- EXERCISE DIRECTIONS: State how many lines of the entries below hold the word "Definition"; reply with nothing but the number.

----- RAW DATA -----

Lemma tau_of_inj : injective tau_of.
Proof. by move=> X Y e; apply/seteqP; split; apply: tau_of_sub. Qed.

(** * Homeomorphism classes *)

Definition is_homeo (t t' : set (set R)) (f g : R -> R) : Prop :=
  [/\ cancel f g, cancel g f,
      (forall V, t' V -> t (f @^-1` V)) & (forall U, t U -> t' (g @^-1` U))].

Lemma homeomorphic_refl t : homeomorphic t t.
Proof. by exists id, id. Qed.

Lemma homeomorphic_sym {t t'} : homeomorphic t t' -> homeomorphic t' t.
Proof. by move=> [f [g [fg gf ft gt]]]; exists g, f. Qed.

Lemma homeomorphic_trans {t1 t2 t3} :
  homeomorphic t1 t2 -> homeomorphic t2 t3 -> homeomorphic t1 t3.
Proof.
move=> [f [g [fg gf ft gt]]] [f' [g' [fg' gf' ft' gt']]].
exists (f' \o f), (g \o g'); split => [x|x|V /ft' /ft|U /gt /gt'] //=.
- by rewrite fg' fg.
- by rewrite gf gf'.
Qed.

Lemma is_homeo_image {t t' f g} : is_homeo t t' f g -> t' = [set V | t (f @^-1` V)].
Proof.
move=> [_ gf ft gt]; apply/seteqP; split => V; first exact: ft.
by move=> /gt; congr t'; apply/funext => x /=; rewrite gf.
Qed.

Lemma cont_at_tau_of {t Y} {f : R -> R} {x : R} : coarser_than_euclid t ->
  (forall V, tau_of Y V -> t (f @^-1` V)) -> f x != 0 -> {for x, continuous f}.
Proof.
move=> ct ft fx0 A /nbhs_ballP [e e0 eA].
apply: (@filterS _ _ _ (ball (f x) e `\` [set 0])); first by move=> y [/eA].
apply: open_nbhs_nbhs; split; first exact/ct/ft/tau_of_punct/ballR_open.
by split; [exact: ballxx | exact/eqP].
Qed.

Lemma cont_at_eq_rat (f1 f2 : R -> R) x :
  {for x, continuous f1} -> {for x, continuous f2} ->
  (forall k, f1 (rat_seq k) = f2 (rat_seq k)) -> f1 x = f2 x.
Proof.
move=> c1 c2 eqQ; apply: Rhausdorff => A B /c1 f1A /c2 f2B.
have /nbhs_ballP [r r0 rAB] : nbhs x (f1 @^-1` A `&` f2 @^-1` B) by apply: filterI.
have [k xk] := rat_seq_dense x r0; have [Aq Bq] := rAB _ xk.
by exists (f1 (rat_seq k)); split => //; rewrite eqQ.
Qed.

(* A homeomorphism onto some [tau_of Y] is continuous off the preimage of [0], so
   it is determined by its values at the rationals and that preimage. *)
Definition homeo_trace (f g : R -> R) : nat -> R :=
  fun n => if n is k.+1 then f (rat_seq k) else g 0.

Lemma homeo_trace_inj t Y1 Y2 f1 g1 f2 g2 : coarser_than_euclid t ->
  is_homeo t (tau_of Y1) f1 g1 -> is_homeo t (tau_of Y2) f2 g2 ->
  homeo_trace f1 g1 = homeo_trace f2 g2 -> Y1 = Y2.
Proof.
move=> ct h1 h2 e12.
have g0 : g1 0 = g2 0 by have := congr1 (fun c => c 0%nat) e12.
have fq k : f1 (rat_seq k) = f2 (rat_seq k) by have := congr1 (fun c => c k.+1) e12.
have f12 : f1 = f2.
  case: (h1) (h2) => [fg1 gf1 ft1 _] [fg2 gf2 ft2 _]; apply/funext => x.
  have [->|x0] := eqVneq x (g1 0); first by rewrite gf1 g0 gf2.
  have f1x0 : f1 x != 0 by apply: contra_neq x0 => <-; rewrite fg1.
  have f2x0 : f2 x != 0 by apply: contra_neq x0; rewrite g0 => <-; rewrite fg2.
  apply: cont_at_eq_rat fq.
  - exact: cont_at_tau_of ct ft1 f1x0.
  - exact: cont_at_tau_of ct ft2 f2x0.
by apply: tau_of_inj; rewrite (is_homeo_image h1) (is_homeo_image h2) f12.
Qed.

Lemma uncurry_image_inj {J T U : Type} {e : J * T -> U} :
  injective e -> injective (fun u : J -> set T => e @` [set p | u p.1 p.2]).
Proof.
move=> e_inj u v /= euv; apply/funext => j; apply/funext => r.
by have := congr1 (fun A => A (e (j, r))) euv; rewrite !image_inj.
Qed.

(* The diagonal argument of König's theorem: if [X ^ J] injects into [X] and
   [X] injects into [K * J], then [X] injects into [K]. *)
Lemma konig_diagonal {J K X : Type} {c : (J -> X) -> X} {e1 : X -> K} {e2 : X -> J} :
  injective c -> (forall x y, e1 x = e1 y -> e2 x = e2 y -> x = y) ->
  exists h : X -> X, injective (e1 \o h).
Proof.
move=> c_inj e_inj.
have [[j hj]|none] := pselect (exists j, forall x, exists u, u j = x /\ e2 (c u) = j).
  have /choice [u hu] := hj; exists (c \o u) => x y /= exy.
  have /c_inj eu := e_inj _ _ exy (etrans (hu x).2 (esym (hu y).2)).
  by rewrite -(hu x).1 -(hu y).1 eu.
have /choice [y hy] : forall j, exists x, forall u, u j = x -> e2 (c u) <> j.
  move=> j; apply: contrapT => hj; apply: none; exists j => x; apply: contrapT => hx.
  by apply: hj; exists x => u ujx e; apply: hx; exists u.
by case: (hy _ y erefl erefl).
Qed.

Definition homeo_class (X : set R) : set (set R) :=
  [set Y | homeomorphic (tau_of X) (tau_of Y)].

Definition homeo_maps (X : set R) : (R -> R) * (R -> R) :=
  get [set fg | is_homeo (tau_of (get (homeo_class X))) (tau_of X) fg.1 fg.2].

Definition homeo_code (X : set R) : nat -> R :=
  homeo_trace (homeo_maps X).1 (homeo_maps X).2.

Lemma homeo_mapsP X :
  is_homeo (tau_of (get (homeo_class X))) (tau_of X) (homeo_maps X).1 (homeo_maps X).2.
Proof.
apply: (@getPex _ [set fg | is_homeo _ _ fg.1 fg.2]).
have : homeo_class X (get (homeo_class X)).
  by apply: getPex; exists X; exact: homeomorphic_refl.
by move=> /homeomorphic_sym [f [g fg]]; exists (f, g).
Qed.

Lemma homeo_class_eq X Y :
  homeomorphic (tau_of X) (tau_of Y) -> homeo_class X = homeo_class Y.
Proof.
move=> XY; apply/seteqP; split => Z.
- exact: homeomorphic_trans (homeomorphic_sym XY).
- exact: homeomorphic_trans XY.
Qed.

Lemma homeo_class_code_inj X Y :
  homeo_class X = homeo_class Y -> homeo_code X = homeo_code Y -> X = Y.
Proof.
move=> eXY; have := homeo_mapsP X; have := homeo_mapsP Y; rewrite /homeo_code eXY.
case: (homeo_maps X) (homeo_maps Y) => [f1 g1] [f2 g2] /= h2 h1.
exact: homeo_trace_inj (tau_of_coarser _) h1 h2.
Qed.

Theorem theorem1 :
  exists T : set (set (set R)),
    [/\ T `<=` in_L,
        (T #= [set: set R])%card,
        (forall tau, T tau -> completely_normal tau /\ baire tau) &
        (forall tau tau', T tau -> T tau' -> tau <> tau' -> ~ homeomorphic tau tau')].
Proof.
have [h hinj] := konig_diagonal (uncurry_image_inj encode_pair_inj) homeo_class_code_inj.
exists (range (tau_of \o h)); split.
- by move=> _ [x _ <-]; exact: tau_of_in_L.
- by apply: inj_card_eq => x y _ _ /= e; apply: hinj; rewrite /= /homeo_class e.
- by move=> _ [x _ <-]; split; [exact: tau_of_completely_normal | exact: tau_of_baire].
- move=> _ _ [x _ <-] [y _ <-] ne /homeo_class_eq exy; apply: ne.
  by rewrite /= (hinj _ _ exy).
Qed.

-----

- OUTPUT: 5